(TASK PROMPT):
Begin at the line containing "< N) binz p" in the data below and go on through the line containing "foldr (fun n y => Y v n y) x s.", repeating each line exactly; include both ends and no other line.

(EXERCISE DATA):

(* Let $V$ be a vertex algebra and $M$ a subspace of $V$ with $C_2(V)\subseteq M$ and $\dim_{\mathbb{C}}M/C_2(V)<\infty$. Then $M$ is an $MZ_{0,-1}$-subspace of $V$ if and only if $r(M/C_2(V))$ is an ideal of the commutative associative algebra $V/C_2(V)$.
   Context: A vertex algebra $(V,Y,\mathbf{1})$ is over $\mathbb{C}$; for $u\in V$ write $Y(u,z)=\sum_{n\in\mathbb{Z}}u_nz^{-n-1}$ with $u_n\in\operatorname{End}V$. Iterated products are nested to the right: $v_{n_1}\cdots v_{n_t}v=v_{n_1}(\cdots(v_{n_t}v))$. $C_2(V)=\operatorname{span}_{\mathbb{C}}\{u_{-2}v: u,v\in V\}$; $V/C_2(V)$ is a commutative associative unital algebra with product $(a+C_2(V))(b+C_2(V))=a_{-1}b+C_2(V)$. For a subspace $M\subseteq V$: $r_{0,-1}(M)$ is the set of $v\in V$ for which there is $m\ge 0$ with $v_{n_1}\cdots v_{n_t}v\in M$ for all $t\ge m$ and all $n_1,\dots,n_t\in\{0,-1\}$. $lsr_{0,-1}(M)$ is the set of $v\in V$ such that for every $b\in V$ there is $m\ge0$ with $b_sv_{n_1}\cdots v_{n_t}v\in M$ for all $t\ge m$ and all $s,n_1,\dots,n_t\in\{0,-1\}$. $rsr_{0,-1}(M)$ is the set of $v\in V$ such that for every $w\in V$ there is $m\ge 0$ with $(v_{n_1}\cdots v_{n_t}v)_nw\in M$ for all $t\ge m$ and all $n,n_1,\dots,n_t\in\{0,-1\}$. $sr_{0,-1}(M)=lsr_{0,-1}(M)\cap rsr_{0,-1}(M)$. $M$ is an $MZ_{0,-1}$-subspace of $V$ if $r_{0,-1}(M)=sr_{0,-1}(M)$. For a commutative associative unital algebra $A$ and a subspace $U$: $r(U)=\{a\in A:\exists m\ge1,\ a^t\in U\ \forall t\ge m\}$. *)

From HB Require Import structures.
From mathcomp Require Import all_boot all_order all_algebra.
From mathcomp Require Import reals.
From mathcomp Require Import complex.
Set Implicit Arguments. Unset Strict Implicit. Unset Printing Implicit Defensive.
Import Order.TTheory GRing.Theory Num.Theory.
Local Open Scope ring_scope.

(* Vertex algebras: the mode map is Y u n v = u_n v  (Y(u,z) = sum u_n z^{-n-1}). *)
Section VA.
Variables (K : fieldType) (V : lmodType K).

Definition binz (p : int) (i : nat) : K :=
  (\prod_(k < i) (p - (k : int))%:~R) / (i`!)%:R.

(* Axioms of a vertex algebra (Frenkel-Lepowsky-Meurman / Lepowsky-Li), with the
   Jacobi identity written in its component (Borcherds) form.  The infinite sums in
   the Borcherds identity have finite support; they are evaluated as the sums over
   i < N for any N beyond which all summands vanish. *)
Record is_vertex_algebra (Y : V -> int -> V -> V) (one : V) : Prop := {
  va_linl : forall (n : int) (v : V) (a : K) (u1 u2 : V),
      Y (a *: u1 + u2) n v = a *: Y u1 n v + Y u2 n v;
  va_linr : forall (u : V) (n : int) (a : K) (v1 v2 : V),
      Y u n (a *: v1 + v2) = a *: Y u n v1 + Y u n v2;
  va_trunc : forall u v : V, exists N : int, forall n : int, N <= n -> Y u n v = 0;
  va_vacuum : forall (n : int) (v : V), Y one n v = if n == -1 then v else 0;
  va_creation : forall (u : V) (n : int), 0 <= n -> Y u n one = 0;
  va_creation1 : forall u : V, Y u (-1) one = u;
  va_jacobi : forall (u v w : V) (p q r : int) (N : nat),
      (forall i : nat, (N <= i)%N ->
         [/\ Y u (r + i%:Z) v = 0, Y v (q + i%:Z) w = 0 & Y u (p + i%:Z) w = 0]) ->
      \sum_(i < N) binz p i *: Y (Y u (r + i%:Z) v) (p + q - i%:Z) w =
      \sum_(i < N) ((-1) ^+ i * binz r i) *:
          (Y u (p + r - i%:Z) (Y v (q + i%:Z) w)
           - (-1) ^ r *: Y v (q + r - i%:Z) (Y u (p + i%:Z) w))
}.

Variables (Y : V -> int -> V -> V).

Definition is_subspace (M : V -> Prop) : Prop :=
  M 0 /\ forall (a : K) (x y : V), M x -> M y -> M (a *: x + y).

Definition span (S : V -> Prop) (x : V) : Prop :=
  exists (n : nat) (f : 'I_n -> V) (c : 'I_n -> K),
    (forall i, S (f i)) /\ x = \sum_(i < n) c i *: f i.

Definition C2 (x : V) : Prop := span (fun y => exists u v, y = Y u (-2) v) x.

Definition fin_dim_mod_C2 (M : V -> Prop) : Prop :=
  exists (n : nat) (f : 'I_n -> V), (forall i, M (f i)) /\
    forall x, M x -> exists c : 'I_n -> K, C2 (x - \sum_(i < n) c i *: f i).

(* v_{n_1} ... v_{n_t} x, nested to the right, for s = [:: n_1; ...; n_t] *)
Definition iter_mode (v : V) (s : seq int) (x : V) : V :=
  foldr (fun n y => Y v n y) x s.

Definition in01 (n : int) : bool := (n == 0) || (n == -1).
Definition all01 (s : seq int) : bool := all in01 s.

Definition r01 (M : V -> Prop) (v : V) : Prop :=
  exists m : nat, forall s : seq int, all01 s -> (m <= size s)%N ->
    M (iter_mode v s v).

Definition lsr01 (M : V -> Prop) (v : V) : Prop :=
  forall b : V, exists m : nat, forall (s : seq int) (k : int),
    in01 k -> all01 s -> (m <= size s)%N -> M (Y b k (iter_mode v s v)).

...

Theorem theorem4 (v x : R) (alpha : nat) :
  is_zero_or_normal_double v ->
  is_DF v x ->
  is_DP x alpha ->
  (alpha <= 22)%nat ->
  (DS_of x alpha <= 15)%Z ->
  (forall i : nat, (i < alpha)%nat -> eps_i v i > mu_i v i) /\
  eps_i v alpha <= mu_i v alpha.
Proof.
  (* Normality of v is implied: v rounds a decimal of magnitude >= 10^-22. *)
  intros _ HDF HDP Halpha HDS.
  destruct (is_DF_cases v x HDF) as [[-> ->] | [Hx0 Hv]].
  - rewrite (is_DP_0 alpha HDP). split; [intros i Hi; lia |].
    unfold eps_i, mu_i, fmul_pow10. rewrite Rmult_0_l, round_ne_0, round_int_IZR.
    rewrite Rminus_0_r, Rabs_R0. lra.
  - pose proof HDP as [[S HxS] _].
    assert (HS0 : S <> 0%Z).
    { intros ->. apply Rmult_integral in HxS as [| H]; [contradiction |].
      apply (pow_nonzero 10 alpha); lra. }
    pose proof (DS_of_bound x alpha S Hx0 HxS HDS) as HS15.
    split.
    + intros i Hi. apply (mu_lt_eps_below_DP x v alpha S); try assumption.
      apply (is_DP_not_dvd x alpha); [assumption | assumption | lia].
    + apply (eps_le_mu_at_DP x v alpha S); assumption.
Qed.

(TASK OUTPUT):
      \sum_(i < N) binz p i *: Y (Y u (r + i%:Z) v) (p + q - i%:Z) w =
      \sum_(i < N) ((-1) ^+ i * binz r i) *:
          (Y u (p + r - i%:Z) (Y v (q + i%:Z) w)
           - (-1) ^ r *: Y v (q + r - i%:Z) (Y u (p + i%:Z) w))
}.

Variables (Y : V -> int -> V -> V).

Definition is_subspace (M : V -> Prop) : Prop :=
  M 0 /\ forall (a : K) (x y : V), M x -> M y -> M (a *: x + y).

Definition span (S : V -> Prop) (x : V) : Prop :=
  exists (n : nat) (f : 'I_n -> V) (c : 'I_n -> K),
    (forall i, S (f i)) /\ x = \sum_(i < n) c i *: f i.

Definition C2 (x : V) : Prop := span (fun y => exists u v, y = Y u (-2) v) x.

Definition fin_dim_mod_C2 (M : V -> Prop) : Prop :=
  exists (n : nat) (f : 'I_n -> V), (forall i, M (f i)) /\
    forall x, M x -> exists c : 'I_n -> K, C2 (x - \sum_(i < n) c i *: f i).

(* v_{n_1} ... v_{n_t} x, nested to the right, for s = [:: n_1; ...; n_t] *)
Definition iter_mode (v : V) (s : seq int) (x : V) : V :=
  foldr (fun n y => Y v n y) x s.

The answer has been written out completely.